Task description:
Render every entry exactly as it appears.

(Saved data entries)

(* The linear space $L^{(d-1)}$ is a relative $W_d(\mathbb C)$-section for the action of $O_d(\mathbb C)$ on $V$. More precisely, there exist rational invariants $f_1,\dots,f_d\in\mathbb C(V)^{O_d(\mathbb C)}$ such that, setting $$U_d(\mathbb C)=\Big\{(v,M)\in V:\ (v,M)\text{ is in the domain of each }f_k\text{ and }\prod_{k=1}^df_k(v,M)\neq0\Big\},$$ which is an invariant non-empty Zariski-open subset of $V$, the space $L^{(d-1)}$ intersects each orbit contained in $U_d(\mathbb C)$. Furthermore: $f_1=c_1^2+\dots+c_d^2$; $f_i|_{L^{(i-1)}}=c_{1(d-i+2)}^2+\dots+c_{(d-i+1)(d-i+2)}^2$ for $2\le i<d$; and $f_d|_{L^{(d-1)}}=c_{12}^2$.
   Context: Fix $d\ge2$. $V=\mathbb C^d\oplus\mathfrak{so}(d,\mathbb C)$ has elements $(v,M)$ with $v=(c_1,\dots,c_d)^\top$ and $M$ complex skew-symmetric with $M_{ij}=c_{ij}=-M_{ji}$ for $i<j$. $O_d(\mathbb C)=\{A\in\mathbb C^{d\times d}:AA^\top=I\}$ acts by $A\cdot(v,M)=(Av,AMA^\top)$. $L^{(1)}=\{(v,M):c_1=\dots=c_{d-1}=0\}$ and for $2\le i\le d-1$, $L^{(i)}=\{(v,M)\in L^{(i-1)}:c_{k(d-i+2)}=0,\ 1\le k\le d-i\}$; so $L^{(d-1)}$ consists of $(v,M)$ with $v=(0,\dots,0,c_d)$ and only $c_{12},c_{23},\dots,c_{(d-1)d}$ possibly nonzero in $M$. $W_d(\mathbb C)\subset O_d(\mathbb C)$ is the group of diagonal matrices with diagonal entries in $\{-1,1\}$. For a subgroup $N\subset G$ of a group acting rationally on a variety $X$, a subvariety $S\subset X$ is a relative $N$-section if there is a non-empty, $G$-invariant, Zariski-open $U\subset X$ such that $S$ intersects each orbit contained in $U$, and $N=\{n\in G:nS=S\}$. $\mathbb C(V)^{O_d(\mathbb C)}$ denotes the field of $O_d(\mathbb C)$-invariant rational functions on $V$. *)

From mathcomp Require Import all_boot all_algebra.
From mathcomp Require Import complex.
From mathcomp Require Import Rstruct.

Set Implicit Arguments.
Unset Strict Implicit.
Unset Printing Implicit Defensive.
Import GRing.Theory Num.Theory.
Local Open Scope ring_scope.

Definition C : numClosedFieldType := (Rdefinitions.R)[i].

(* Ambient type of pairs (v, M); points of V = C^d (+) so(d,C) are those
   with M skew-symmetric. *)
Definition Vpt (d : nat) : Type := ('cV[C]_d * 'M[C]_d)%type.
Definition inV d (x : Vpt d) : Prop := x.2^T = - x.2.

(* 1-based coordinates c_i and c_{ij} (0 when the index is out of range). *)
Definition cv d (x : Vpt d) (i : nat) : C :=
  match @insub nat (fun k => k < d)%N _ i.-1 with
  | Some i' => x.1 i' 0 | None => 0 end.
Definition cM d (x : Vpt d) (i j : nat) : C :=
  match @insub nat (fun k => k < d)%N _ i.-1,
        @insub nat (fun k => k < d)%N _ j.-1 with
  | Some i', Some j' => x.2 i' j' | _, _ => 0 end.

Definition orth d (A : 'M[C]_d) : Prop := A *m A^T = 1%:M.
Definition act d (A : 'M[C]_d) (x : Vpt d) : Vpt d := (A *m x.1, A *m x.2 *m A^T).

Result below:
(* The linear space $L^{(d-1)}$ is a relative $W_d(\mathbb C)$-section for the action of $O_d(\mathbb C)$ on $V$. More precisely, there exist rational invariants $f_1,\dots,f_d\in\mathbb C(V)^{O_d(\mathbb C)}$ such that, setting $$U_d(\mathbb C)=\Big\{(v,M)\in V:\ (v,M)\text{ is in the domain of each }f_k\text{ and }\prod_{k=1}^df_k(v,M)\neq0\Big\},$$ which is an invariant non-empty Zariski-open subset of $V$, the space $L^{(d-1)}$ intersects each orbit contained in $U_d(\mathbb C)$. Furthermore: $f_1=c_1^2+\dots+c_d^2$; $f_i|_{L^{(i-1)}}=c_{1(d-i+2)}^2+\dots+c_{(d-i+1)(d-i+2)}^2$ for $2\le i<d$; and $f_d|_{L^{(d-1)}}=c_{12}^2$.
   Context: Fix $d\ge2$. $V=\mathbb C^d\oplus\mathfrak{so}(d,\mathbb C)$ has elements $(v,M)$ with $v=(c_1,\dots,c_d)^\top$ and $M$ complex skew-symmetric with $M_{ij}=c_{ij}=-M_{ji}$ for $i<j$. $O_d(\mathbb C)=\{A\in\mathbb C^{d\times d}:AA^\top=I\}$ acts by $A\cdot(v,M)=(Av,AMA^\top)$. $L^{(1)}=\{(v,M):c_1=\dots=c_{d-1}=0\}$ and for $2\le i\le d-1$, $L^{(i)}=\{(v,M)\in L^{(i-1)}:c_{k(d-i+2)}=0,\ 1\le k\le d-i\}$; so $L^{(d-1)}$ consists of $(v,M)$ with $v=(0,\dots,0,c_d)$ and only $c_{12},c_{23},\dots,c_{(d-1)d}$ possibly nonzero in $M$. $W_d(\mathbb C)\subset O_d(\mathbb C)$ is the group of diagonal matrices with diagonal entries in $\{-1,1\}$. For a subgroup $N\subset G$ of a group acting rationally on a variety $X$, a subvariety $S\subset X$ is a relative $N$-section if there is a non-empty, $G$-invariant, Zariski-open $U\subset X$ such that $S$ intersects each orbit contained in $U$, and $N=\{n\in G:nS=S\}$. $\mathbb C(V)^{O_d(\mathbb C)}$ denotes the field of $O_d(\mathbb C)$-invariant rational functions on $V$. *)

From mathcomp Require Import all_boot all_algebra.
From mathcomp Require Import complex.
From mathcomp Require Import Rstruct.

Set Implicit Arguments.
Unset Strict Implicit.
Unset Printing Implicit Defensive.
Import GRing.Theory Num.Theory.
Local Open Scope ring_scope.

Definition C : numClosedFieldType := (Rdefinitions.R)[i].

(* Ambient type of pairs (v, M); points of V = C^d (+) so(d,C) are those
   with M skew-symmetric. *)
Definition Vpt (d : nat) : Type := ('cV[C]_d * 'M[C]_d)%type.
Definition inV d (x : Vpt d) : Prop := x.2^T = - x.2.

(* 1-based coordinates c_i and c_{ij} (0 when the index is out of range). *)
Definition cv d (x : Vpt d) (i : nat) : C :=
  match @insub nat (fun k => k < d)%N _ i.-1 with
  | Some i' => x.1 i' 0 | None => 0 end.
Definition cM d (x : Vpt d) (i j : nat) : C :=
  match @insub nat (fun k => k < d)%N _ i.-1,
        @insub nat (fun k => k < d)%N _ j.-1 with
  | Some i', Some j' => x.2 i' j' | _, _ => 0 end.

Definition orth d (A : 'M[C]_d) : Prop := A *m A^T = 1%:M.
Definition act d (A : 'M[C]_d) (x : Vpt d) : Vpt d := (A *m x.1, A *m x.2 *m A^T).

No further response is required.